My Lords, I thank the Minister for a very clear exposition. I very much agree that the connected person issue needed to be addressed, and has been very adequately addressed in the order.
However, this is an opportunity to make a slight diversion in terms of independent production. I noticed that the Minister went back to the original 1990 Broadcasting Act and talked about the three limbs and the reasons for the independent production quotas that were set out in that Act: promoting cultural diversity; stimulating the growth of small and medium-sized enterprises; and tackling vertical integration. It is worth while reminding ourselves of those. I noticed that when the committee met in the Commons, everybody vied to talk about their favourite programme and which independent production companies made “The Great British Bake Off”, “Sherlock”, “Rev.” and the like.
However, the fact is that independent does not necessarily mean small—some of these independent companies are very large and it is a very contestable market out there between some of the independent production companies. In that context, it is very interesting that the noble Lord, Lord Hall, in a speech in July, talked about opening up the BBC further to independent production. That then leads on to the BBC charter review and the review by Ofcom of PSB, which I think will be complete next year. PACT has some very interesting ideas about how the BBC might, in its words, become much more of a “publisher broadcaster” over time. All these are very interesting ideas that do not flow directly from this order but certainly form part of a general thinking—a rethinking, if you like—about the role of independent producers.

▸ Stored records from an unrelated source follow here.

Lemma Ebern2_prod_pairs_seq (p q y : R) (s : seq J) : uniq s ->
  Ebern2 p q (fun S T =>
    \prod_(j <- s) (1 - y * ((#|P j :&: S| == 1) && (#|P j :&: T| == 1))%:R))
  = (1 - y * (2 * p * (1 - p)) * (2 * q * (1 - q))) ^+ size s.
Proof.
elim: s => [_|x s IHs /andP[xNs s_uniq]].
  by under eq_Ebern2 => S T do rewrite big_nil; rewrite Ebern2_cst.
have notin_P i j : i \in P x -> j \in s -> i \notin P j.
  move=> Pxi js; have xj : x != j by apply: contraNneq xNs => ->.
  by rewrite (disjointFr (disjoint_P xj) Pxi).
under eq_Ebern2 => S T do rewrite big_cons.
rewrite Ebern2_pair ?IHs ?exprS // => i Pxi S T; apply: eq_big_seq => j js;
  by rewrite setI_toggle ?notin_P.
Qed.

Lemma Ebern2_prod_pairs (p q y : R) :
  Ebern2 p q (fun S T =>
    \prod_(j : J) (1 - y * ((#|P j :&: S| == 1) && (#|P j :&: T| == 1))%:R))
  = (1 - y * (2 * p * (1 - p)) * (2 * q * (1 - q))) ^+ #|J|.
Proof. by rewrite cardT -Ebern2_prod_pairs_seq ?enum_uniq // enumT. Qed.

End DisjointPairs.

Lemma card_pair_set n m (j : 'I_m) : (2 * m <= n)%N -> #|pair_set n j| = 2.
Proof.
move=> le2mn; apply/eqP/cards2P.
have lt1 : (2 * j < n)%N by have := ltn_ord j; lia.
have lt2 : ((2 * j).+1 < n)%N by have := ltn_ord j; lia.
exists (Ordinal lt1), (Ordinal lt2).
by split; [rewrite -(inj_eq val_inj) /= neq_ltn ltnSn | apply/setP => k; rewrite !inE].
Qed.

Lemma disjoint_pair_set n m (j k : 'I_m) :
  j != k -> [disjoint pair_set n j & pair_set n k].
Proof.
rewrite -(inj_eq val_inj) => /eqP jk; apply/pred0P => i /=; rewrite !inE.
by move: (val i) (val j) (val k) jk => x y z; lia.
Qed.

Lemma Ebern2_goodI_le (R : realType) n m (p q d c : R) : (2 * m <= n)%N ->
    0 <= p <= 1 -> 0 <= q <= 1 -> 0 <= d ->
  Ebern2 p q (fun S T => ((#|@goodI n m S T|%:R <= c)%R%:R : R))
  <= expR (d * c) * (1 - (1 - expR (- d)) * (2 * p * (1 - p)) * (2 * q * (1 - q))) ^+ m.
Proof.
move=> le2mn p01 q01 d0.
have := Ebern2_prod_pairs (fun j => @card_pair_set n m j le2mn) (@disjoint_pair_set n m)
  p q (1 - expR (- d)).
rewrite card_ord => <-; rewrite -Ebern2Z; apply: ler_Ebern2 => // S T.
have -> : \prod_(j < m) (1 - (1 - expR (- d)) *
      ((#|pair_set n j :&: S| == 1) && (#|pair_set n j :&: T| == 1))%:R)
    = expR (- d) ^+ #|@goodI n m S T|.
  by rewrite -prod_onem_indicator; apply: eq_bigr => j _; rewrite inE.
apply: le_trans (indicator_le_expR _ _ d0) _.
have -> : d * (c - #|@goodI n m S T|%:R) = d * c + #|@goodI n m S T|%:R * - d by ring.
by rewrite expRD expRM_natl.
Qed.

Lemma card_sized_pairs n a b :
  #|[set ST : {set 'I_n} * {set 'I_n} | (#|ST.1| == a) && (#|ST.2| == b)]| =
  ('C(n, a) * 'C(n, b))%N.
Proof.
have -> : [set ST : {set 'I_n} * {set 'I_n} | (#|ST.1| == a) && (#|ST.2| == b)] =
    finset.setX [set S : {set 'I_n} | #|S| == a] [set T : {set 'I_n} | #|T| == b].
  by apply/setP => -[S T]; rewrite !inE.
by rewrite cardsX !card_draws card_ord.
Qed.

Lemma card_event_le_Ebern2 (R : realType) n a b (p q : R)
    (E : {set 'I_n} -> {set 'I_n} -> bool) : 0 <= p <= 1 -> 0 <= q <= 1 ->
  #|[set ST : {set 'I_n} * {set 'I_n} | [&& #|ST.1| == a, #|ST.2| == b & E ST.1 ST.2]]|%:R
    * (p ^+ a * (1 - p) ^+ (n - a)) * (q ^+ b * (1 - q) ^+ (n - b))
  <= Ebern2 p q (fun S T => (E S T)%:R).
Proof.
move=> p01 q01.
rewrite -sum1_card natr_sum big_mkcond /= !mulr_suml /Ebern2 /Ebern.
under [X in _ <= X]eq_bigr => S _ do rewrite mulr_sumr.
rewrite pair_bigA /=; apply: ler_sum => -[S T] _ /=; rewrite inE /=.
case: ifP => [/and3P[/eqP <- /eqP <- ->]|_]; first by rewrite !bern_wtE mul1r mulr1 mulrA.
by rewrite !mul0r !mulr_ge0 ?bern_wt_ge0.
Qed.

Lemma prob_ST_le_Ebern2 (R : realType) n a b (p q : R)
    (E : {set 'I_n} -> {set 'I_n} -> bool) :
    0 < p < 1 -> 0 < q < 1 -> p * n%:R = a%:R -> q * n%:R = b%:R ->
  @prob_ST R n a b E <= (n%:R + 1) ^+ 2 * Ebern2 p q (fun S T => (E S T)%:R).
Proof.
move=> p01 q01 pn_a qn_b.
have p01' : 0 <= p <= 1 by case/andP: p01 => /ltW-> /ltW->.
have q01' : 0 <= q <= 1 by case/andP: q01 => /ltW-> /ltW->.
have mode_p := binomial_pmf_mode_ge p01 pn_a.
have mode_q := binomial_pmf_mode_ge q01 qn_b.
rewrite !binomial_pmfE -!mulrA in mode_p mode_q.
have C_gt0 : 0 < ('C(n, a) * 'C(n, b))%:R :> R.
  by rewrite ltr0n muln_gt0 !bin_gt0 (binomial_mode_leq p01 pn_a) (binomial_mode_leq q01 qn_b).
rewrite /prob_ST card_sized_pairs ler_pdivrMr //.
set N := #|_|%:R; have N_ge0 : 0 <= N by apply: ler0n.
have Ebound := card_event_le_Ebern2 a b E p01' q01'; rewrite -/N in Ebound.
move: mode_p mode_q Ebound; set wa := p ^+ a * _; set wb := q ^+ b * _.
move=> mode_p mode_q Ebound.
apply: (@le_trans _ _ (N * (((n%:R + 1) * ('C(n, a)%:R * wa))
                            * ((n%:R + 1) * ('C(n, b)%:R * wb))))).
  by rewrite ler_peMr // mulr_ege1.
rewrite natrM [leRHS]mulrAC.
have -> : N * ((n%:R + 1) * ('C(n, a)%:R * wa) * ((n%:R + 1) * ('C(n, b)%:R * wb)))
    = (n%:R + 1) ^+ 2 * ('C(n, a)%:R * 'C(n, b)%:R) * (N * wa * wb) by ring.
by rewrite ler_wpM2l // mulr_ge0 ?exprn_ge0 ?addr_ge0 ?ler0n.
Qed.
(* Let $G$ be a finite simple graph that contains no induced subgraph isomorphic to a banner or to $C_5$. Suppose $G$ contains an odd antihole $A$ (as an induced subgraph) such that (i) $\alpha(G) \geq 3$, and (ii) no co-triangle of $G$ contains two vertices of $A$. Then the complement $\overline{G}$ of $G$ has a connected component $O$ that contains all vertices of $A$ and is triangle-free.
   Context: A hole is a chordless (induced) cycle with at least four vertices; it is odd if it has an odd number of vertices. An antihole is the complement of a hole; an odd antihole is the complement of an odd hole. $C_k$ denotes the chordless cycle on $k$ vertices. A banner is the graph consisting of a hole on four vertices together with one additional vertex adjacent to exactly one vertex of that hole. A co-triangle is a set of three pairwise non-adjacent vertices (the complement of a triangle). $\alpha(G)$ denotes the maximum size of a stable set of $G$. ''Contains'' means contains as an induced subgraph. *)

From mathcomp Require Import all_boot.
Set Implicit Arguments. Unset Strict Implicit. Unset Printing Implicit Defensive.

Definition simple_graph (T : finType) (adj : rel T) : Prop :=
  symmetric adj /\ irreflexive adj.

Definition compl_adj (T : finType) (adj : rel T) : rel T :=
  fun x y => (x != y) && ~~ adj x y.

Definition induced_copy (P T : finType) (e : rel P) (adj : rel T) (f : P -> T) : Prop :=
  injective f /\ forall u v, adj (f u) (f v) = e u v.

Definition contains (P T : finType) (e : rel P) (adj : rel T) : Prop :=
  exists f : P -> T, induced_copy e adj f.

Definition cycle_adj (k : nat) : rel 'I_k :=
  fun i j => (j == (i.+1 %% k) :> nat) || (i == (j.+1 %% k) :> nat).

Arguments cycle_adj k : clear implicits.

(* Banner: 4-hole 0-1-2-3-0 plus vertex 4 adjacent only to 0. *)
Definition banner_adj : rel 'I_5 :=
  fun i j =>
    let a := nat_of_ord i in let b := nat_of_ord j in
    [|| (a == 0) && (b == 1), (a == 1) && (b == 0),
        (a == 1) && (b == 2), (a == 2) && (b == 1),
        (a == 2) && (b == 3), (a == 3) && (b == 2),
        (a == 3) && (b == 0), (a == 0) && (b == 3),
        (a == 0) && (b == 4) | (a == 4) && (b == 0)].

Definition odd_antihole (T : finType) (adj : rel T) (A : {set T}) : Prop :=
  exists k, exists f : 'I_k -> T,
    [/\ 5 <= k, odd k, A = f @: setT &
        induced_copy (compl_adj (cycle_adj k)) adj f].

Definition stable (T : finType) (adj : rel T) (S : {set T}) : bool :=
  [forall x in S, forall y in S, ~~ adj x y].

Definition alpha_ge3 (T : finType) (adj : rel T) : Prop :=
  exists S : {set T}, stable adj S && (#|S| == 3).

Definition cotriangle (T : finType) (adj : rel T) (x y z : T) : bool :=
  [&& x != y, y != z, x != z, ~~ adj x y, ~~ adj y z & ~~ adj x z].

Definition component (T : finType) (e : rel T) (O : {set T}) : Prop :=
  exists x : T, O = [set y | connect e x y].

Definition triangle_free_on (T : finType) (e : rel T) (O : {set T}) : Prop :=
  forall x y z, x \in O -> y \in O -> z \in O ->
    ~~ [&& e x y, e y z & e x z].

From mathcomp Require Import all_boot zmodp zify.
Set Implicit Arguments. Unset Strict Implicit. Unset Printing Implicit Defensive.

(* Work in the complement H of G, where A is an odd hole C_k.  Since G has no
   banner, H has no cobanner: a triangle t a b with a pendant path t - u - w,
   u and w having no other neighbour among t, a, b, u, w.  Since C5 is
   self-complementary, H has no induced C5.  Hypothesis (ii) says that no edge
   of the hole lies in a triangle of H.  Stepping two places along the hole,
   which by oddness reaches every vertex, the two exclusions carry a triangle
   through a hole vertex, or through a neighbour of one, onto a hole edge; so
   neither exists.  A triangle at a vertex v further away, together with the
   last two steps u, w of a path from the hole to v, is a cobanner: any extra
   edge would put a triangle at a vertex closer to the hole. *)

Lemma induced_copy_compl (P T : finType) (e : rel P) (adj : rel T) (f : P -> T) :
  irreflexive e -> irreflexive adj ->
  induced_copy (compl_adj e) (compl_adj adj) f <-> induced_copy e adj f.
Proof.
move=> e_irr adj_irr; split=> -[f_inj f_adj]; split=> // u v.
  have := f_adj u v; rewrite /compl_adj (inj_eq f_inj).
  by case: eqVneq => [-> _|_ /negb_inj //]; rewrite e_irr adj_irr.
by rewrite /compl_adj (inj_eq f_inj) f_adj.
Qed.

Lemma compl_adj_sym (P : finType) (e : rel P) :
  symmetric e -> symmetric (compl_adj e).
Proof. by move=> e_sym x y; rewrite /compl_adj eq_sym e_sym. Qed.

Lemma compl_adj_irr (P : finType) (e : rel P) : irreflexive (compl_adj e).
Proof. by move=> x; rewrite /compl_adj eqxx. Qed.

Lemma compl_triangle_cotriangle (P : finType) (e : rel P) x y z :
  compl_adj e x y -> compl_adj e y z -> compl_adj e x z -> cotriangle e x y z.
Proof. by rewrite /cotriangle => /andP[-> ->] /andP[-> ->] /andP[-> ->]. Qed.

Lemma compl_adjK (P : finType) (e : rel P) :
  irreflexive e -> compl_adj (compl_adj e) =2 e.
Proof.
by move=> e_irr x y; rewrite /compl_adj; case: eqVneq => [->|] //=; rewrite ?e_irr ?negbK.
Qed.

Definition twin_free (P : finType) (e : rel P) : Prop :=
  forall i j, (forall k, e i k = e j k) -> i = j.

Lemma induced_copy_twin_free (P T : finType) (e : rel P) (H : rel T) (f : P -> T) :
  twin_free e -> (forall u v, H (f u) (f v) = e u v) -> induced_copy e H f.
Proof. by move=> e_tf fH; split=> // u v fuv; apply: e_tf => k; rewrite -!fH fuv. Qed.

Lemma cycle_adj_inZp n m d : 4 <= n -> d <= 3 ->
  cycle_adj n.+1 (inZp m) (inZp (m + d)) = (d == 1).
Proof.
move=> n4 d3; set k := n.+1; rewrite /cycle_adj /=.
rewrite -[(m %% k).+1]addn1 -[((m + d) %% k).+1]addn1 !modnDml.
rewrite -addnA -{3}[m]addn0 !eqn_modDl mod0n addn1 !modn_small ?orbF //; lia.
Qed.

Lemma cycle_adj_irr n : 4 <= n -> irreflexive (cycle_adj n.+1).
Proof. by move=> n4 i; rewrite -[i]valZpK -{2}[val i]addn0 cycle_adj_inZp. Qed.

Ltac case_ord5 := case=> [[|[|[|[|[|//]]]]] ?].

Ltac twin_free_ord5 :=
  do 2!case_ord5;
  first [ by move=> _; apply: val_inj
        | by move/(_ (@Ordinal 5 0 isT)) | by move/(_ (@Ordinal 5 1 isT))
        | by move/(_ (@Ordinal 5 2 isT)) | by move/(_ (@Ordinal 5 3 isT))
        | by move/(_ (@Ordinal 5 4 isT)) ].

Lemma cobanner_twin_free : twin_free (compl_adj banner_adj).
Proof. twin_free_ord5. Qed.

Lemma coC5_twin_free : twin_free (compl_adj (cycle_adj 5)).
Proof. twin_free_ord5. Qed.

Lemma banner_irr : irreflexive banner_adj.
Proof. by case_ord5. Qed.

Ltac check_pattern_ord5 H_sym H_irr :=
  do 2!case_ord5; rewrite /= ?H_irr //;
  first [ by apply/negbTE | by apply/negbTE; rewrite H_sym | by rewrite H_sym ].

Lemma contains_cobanner (T : finType) (H : rel T) (t a b u w : T) :
  symmetric H -> irreflexive H ->
  H t a -> H t b -> H a b -> H u t -> ~~ H u a -> ~~ H u b ->
  H w u -> ~~ H w t -> ~~ H w a -> ~~ H w b ->
  contains (compl_adj banner_adj) H.
Proof.
move=> H_sym H_irr *; exists (fun i : 'I_5 => nth t [:: w; a; u; b; t] i).
by apply: induced_copy_twin_free cobanner_twin_free _; check_pattern_ord5 H_sym H_irr.
Qed.

Lemma contains_coC5 (T : finType) (H : rel T) (v0 v1 v2 v3 v4 : T) :
  symmetric H -> irreflexive H ->
  H v0 v1 -> H v1 v2 -> H v2 v3 -> H v3 v4 -> H v4 v0 ->
  ~~ H v0 v2 -> ~~ H v0 v3 -> ~~ H v1 v3 -> ~~ H v1 v4 -> ~~ H v2 v4 ->
  contains (compl_adj (cycle_adj 5)) H.
Proof.
(* Self-complementarity of C5: the H-cycle read in the order v0 v2 v4 v1 v3. *)
move=> H_sym H_irr *; exists (fun i : 'I_5 => nth v0 [:: v0; v2; v4; v1; v3] i).
by apply: induced_copy_twin_free coC5_twin_free _; check_pattern_ord5 H_sym H_irr.
Qed.

Section OddHoleComponent.

Variables (T : finType) (H : rel T) (c : nat -> T).
Hypotheses (H_sym : symmetric H) (H_irr : irreflexive H).
Hypothesis no_cobanner : ~ contains (compl_adj banner_adj) H.
Hypothesis no_coC5 : ~ contains (compl_adj (cycle_adj 5)) H.
Hypothesis cycle_edge : forall m, H (c m) (c m.+1).
Hypothesis cycle_nonedge2 : forall m, ~~ H (c m) (c m.+2).
Hypothesis cycle_nonedge3 : forall m, ~~ H (c m) (c m.+3).
Hypothesis cycle_odd : forall m, exists j, c (m + j.*2) = c m.+1.
Hypothesis cycle_edge_no_triangle : forall m z, H (c m) z -> H (c m.+1) z -> False.

Lemma cobanner_free t a b u w :
  H t a -> H t b -> H a b -> H u t -> ~~ H u a -> ~~ H u b ->
  H w u -> ~~ H w t -> ~~ H w a -> ~~ H w b -> False.
Proof.
move=> hta htb hab hut nua nub hwu nwt nwa nwb; apply: no_cobanner.
exact: contains_cobanner H_sym H_irr hta htb hab hut nua nub hwu nwt nwa nwb.
Qed.

Lemma C5_free v0 v1 v2 v3 v4 :
  H v0 v1 -> H v1 v2 -> H v2 v3 -> H v3 v4 -> H v4 v0 ->
  ~~ H v0 v2 -> ~~ H v0 v3 -> ~~ H v1 v3 -> ~~ H v1 v4 -> ~~ H v2 v4 -> False.
Proof.
move=> h01 h12 h23 h34 h40 n02 n03 n13 n14 n24; apply: no_coC5.
exact: contains_coC5 H_sym H_irr h01 h12 h23 h34 h40 n02 n03 n13 n14 n24.
Qed.

Lemma cycle_edge_nbr m z : H (c m) z -> ~~ H (c m.+1) z.
Proof. by move=> hm; apply/negP; apply: cycle_edge_no_triangle hm. Qed.

Lemma cycle_no_common_nbr3 a n : H (c n) a -> ~~ H (c n.+3) a.
Proof.
move=> h0; apply/negP => h3.
have n1 := cycle_edge_nbr h0.
have n2 : ~~ H (c n.+2) a.
  by apply/negP => h2; apply: cycle_edge_no_triangle h2 h3.
apply: (C5_free (v0 := a) _ (cycle_edge n) (cycle_edge n.+1) (cycle_edge n.+2));
  by rewrite // H_sym.
Qed.

Lemma cycle_triangle_shift2 i a b :
  H (c i) a -> H (c i) b -> H a b -> H (c i.+2) a -> H (c i.+2) b.
Proof.
move=> ha hb hab h2a; apply/idPn => nb.
apply: (cobanner_free (b := c i) hab _ _ h2a nb _ _
          (cycle_edge_nbr h2a) (cycle_no_common_nbr3 hb));
  by rewrite H_sym.
Qed.

Lemma cycle_not_in_triangle n a b : H (c n) a -> H (c n) b -> H a b -> False.
Proof.
move=> ha hb hab.
have shift j : H (c (n + j.*2)) a && H (c (n + j.*2)) b.
  elim: j => [|j /andP[hia hib]]; first by rewrite addn0 ha hb.
  rewrite doubleS !addnS; set i := n + j.*2 in hia hib *.
  have : H (c i.+2) a || H (c i.+2) b.
    apply/norP => -[na nb].
    apply: (cobanner_free hia hib hab _ (cycle_edge_nbr hia) (cycle_edge_nbr hib) _ _ na nb);
      by rewrite H_sym.
  case/orP=> h; first by rewrite h (cycle_triangle_shift2 hia hib hab h).
  by rewrite h (cycle_triangle_shift2 hib hia _ h) // H_sym.
have [j cj] := cycle_odd n.
by case/andP: (shift j); rewrite cj => h1 _; apply: cycle_edge_no_triangle ha h1.
Qed.

Lemma triangle_nbr_shift x y z m :
  H x y -> H x z -> H y z -> H (c m) x -> H (c m.+1) y || H (c m.+1) z.
Proof.
move=> hxy hxz hyz hm; apply/norP => -[ny nz].
apply: (cobanner_free hxy hxz hyz hm _ _ _ (cycle_edge_nbr hm) ny nz).
- by apply/negP => h; apply: cycle_not_in_triangle hm h hxy.
- by apply/negP => h; apply: cycle_not_in_triangle hm h hxz.
- by rewrite H_sym.
Qed.

Lemma triangle_edge_skip2 x y m : H x y -> H (c m) x -> H (c m.+2) y -> False.
Proof.
move=> hxy hm h2.
apply: (C5_free (v0 := x) (v4 := y) _ (cycle_edge m) (cycle_edge m.+1) h2 _ _ _
          (cycle_nonedge2 m)).
- by rewrite H_sym.
- by rewrite H_sym.
- by rewrite H_sym; apply: cycle_edge_nbr hm.
- by apply/negP => h; apply: (cycle_not_in_triangle _ h2 hxy); rewrite H_sym.
- by apply/negP => h; apply: cycle_not_in_triangle hm h hxy.
- by apply/negP => h; apply: cycle_edge_no_triangle h h2.
Qed.

Lemma cycle_nbr_not_in_triangle n t a b : H (c n) t -> H t a -> H t b -> H a b -> False.
Proof.
move=> hn hta htb hab.
have [hat hbt hba] : [/\ H a t, H b t & H b a] by split; rewrite H_sym.
have shift j : H (c (n + j.*2)) t.
  elim: j => [|j hi]; first by rewrite addn0.
  rewrite doubleS !addnS; set i := n + j.*2 in hi *.
  case/orP: (triangle_nbr_shift hta htb hab hi) => h1.
    case/orP: (triangle_nbr_shift hat hab htb h1) => // h2.
    by case: (triangle_edge_skip2 htb hi h2).
  case/orP: (triangle_nbr_shift hbt hba hta h1) => // h2.
  by case: (triangle_edge_skip2 hta hi h2).
have [j cj] := cycle_odd n.
by have := shift j; rewrite cj; apply: cycle_edge_no_triangle hn.
Qed.

Fixpoint near_cycle (n : nat) (v : T) : Prop :=
  if n is n'.+1 then near_cycle n' v \/ exists2 u, near_cycle n' u & H u v
  else exists m, v = c m.

Lemma near_cycle_not_in_triangle n v x y :
  near_cycle n v -> H v x -> H v y -> H x y -> False.
Proof.
elim: n v x y => [|n IH] v x y /=.
  by case=> m ->; apply: cycle_not_in_triangle.
case=> [nv|[u nu huv]] hvx hvy hxy; first exact: IH nv hvx hvy hxy.
have nux : ~~ H u x by apply/negP => h; apply: IH nu huv h hvx.
have nuy : ~~ H u y by apply/negP => h; apply: IH nu huv h hvy.
case: n IH nu => [|n] IH /= nu.
  case: nu => m eu.
  by apply: (cycle_nbr_not_in_triangle (n := m) _ hvx hvy hxy); rewrite -eu.
case: nu => [nu|[w nw hwu]].
  by apply: (IH v x y _ hvx hvy hxy); right; exists u.
have near_w z : H w z -> near_cycle n.+1 z by move=> hwz; right; exists w.
have nwv : ~~ H w v by apply/negP => /near_w nv; apply: IH nv hvx hvy hxy.
have nwx : ~~ H w x by apply/negP => /near_w nx; apply: IH nx _ hxy hvy; rewrite H_sym.
have nwy : ~~ H w y by apply/negP => /near_w ny; apply: IH ny _ _ hvx; rewrite H_sym.
exact: cobanner_free hvx hvy hxy huv nux nuy hwu nwv nwx nwy.
Qed.

Lemma near_cycle_path n x p :
  near_cycle n x -> path H x p -> near_cycle (n + size p) (last x p).
Proof.
elim: p n x => [|y p IH] n x /=; first by rewrite addn0.
move=> nx /andP[hxy hp]; rewrite addnS -addSn; apply: IH hp.
by right; exists x.
Qed.

Lemma connect_cycle m : connect H (c 0) (c m).
Proof.
elim: m => [|m IH]; first exact: connect0.
exact: connect_trans IH (connect1 (cycle_edge m)).
Qed.

Lemma connect_cycle_triangle_free : triangle_free_on H [set v | connect H (c 0) v].
Proof.
move=> x y z; rewrite inE => /connectP[p hp ->] _ _; apply/and3P => -[hxy hyz hxz].
by apply: (near_cycle_not_in_triangle (near_cycle_path (n := 0) _ hp) hxy hxz hyz); exists 0.
Qed.

End OddHoleComponent.

Theorem lemma2 (T : finType) (adj : rel T) (A : {set T}) :
  simple_graph adj ->
  ~ contains banner_adj adj ->
  ~ contains (cycle_adj 5) adj ->
  odd_antihole adj A ->
  alpha_ge3 adj ->
  (forall x y z, cotriangle adj x y z ->
     ~ [\/ (x \in A) && (y \in A), (y \in A) && (z \in A) | (x \in A) && (z \in A)]) ->
  exists O : {set T},
    [/\ component (compl_adj adj) O, A \subset O &
        triangle_free_on (compl_adj adj) O].
Proof.
move=> [adj_sym adj_irr] no_banner no_C5 [[|n] [f [k5 k_odd -> f_copy]]] _ no_cotri //.
have n4 : 4 <= n := k5.
set H := compl_adj adj.
have no_cobanner : ~ contains (compl_adj banner_adj) H.
  by case=> g /(induced_copy_compl _ banner_irr adj_irr) g_copy; apply: no_banner; exists g.
have no_coC5 : ~ contains (compl_adj (cycle_adj 5)) H.
  by case=> g /(induced_copy_compl _ (cycle_adj_irr (isT : 4 <= 4)) adj_irr) g_copy;
    apply: no_C5; exists g.
have fH i j : H (f i) (f j) = cycle_adj n.+1 i j.
  rewrite /H; have [_ ->] := (induced_copy_compl f (compl_adj_irr _) adj_irr).2 f_copy.
  exact: compl_adjK (cycle_adj_irr n4) i j.
pose c m := f (inZp m).
have cA m : c m \in f @: setT by apply: imset_f.
have edge m : H (c m) (c m.+1) by rewrite fH -[m.+1]addn1 cycle_adj_inZp.
have nonedge2 m : ~~ H (c m) (c m.+2) by rewrite fH -[m.+2]addn2 cycle_adj_inZp.
have nonedge3 m : ~~ H (c m) (c m.+3) by rewrite fH -[m.+3]addn3 cycle_adj_inZp.
have odd_period m : exists j, c (m + j.*2) = c m.+1.
  have n_half : n./2.*2 = n by rewrite -[RHS]odd_double_half; move: k_odd => /= /negbTE ->.
  by exists n./2.+1; congr f; apply: val_inj; rewrite /= doubleS n_half -addSnnS modnDr.
have edge_no_triangle m z : H (c m) z -> H (c m.+1) z -> False.
  move=> hmz hm1z; apply: (no_cotri _ _ _ (compl_triangle_cotriangle (edge m) hm1z hmz)).
  by apply: Or31; rewrite !cA.
exists [set v | connect H (c 0) v]; split.
- by exists (c 0).
- by apply/subsetP => _ /imsetP[i _ ->]; rewrite inE -(valZpK i); apply: connect_cycle.
- exact: (connect_cycle_triangle_free (compl_adj_sym adj_sym) (compl_adj_irr adj)
          no_cobanner no_coC5 edge nonedge2 nonedge3 odd_period edge_no_triangle).
Qed.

Since 1990, we have had a particular regime. Is it time, now we have such a robust independent production sector, to move further? Should we be encouraging the BBC—not only with the actions of the noble Lord, Lord Hall, but through the charter review—to engage more in independent commissioning? I notice that the noble Lord, Lord Hall, has plans effectively to make the BBC’s in-house production part of a market in which it will be competing, in a sense, against the independent producers. Again, that is a very interesting idea, and it is very forward-thinking of him. I assume it is to make sure that that production is seen as being as efficient as it can be and is not characterised as bloated or whatever, as it has been in the past by certain commentators. That sounds a very defensible action. It will be interesting to hear the Minister’s comments on whether DCMS was thinking in that direction and on what thoughts it had on the subject generally. I support the order.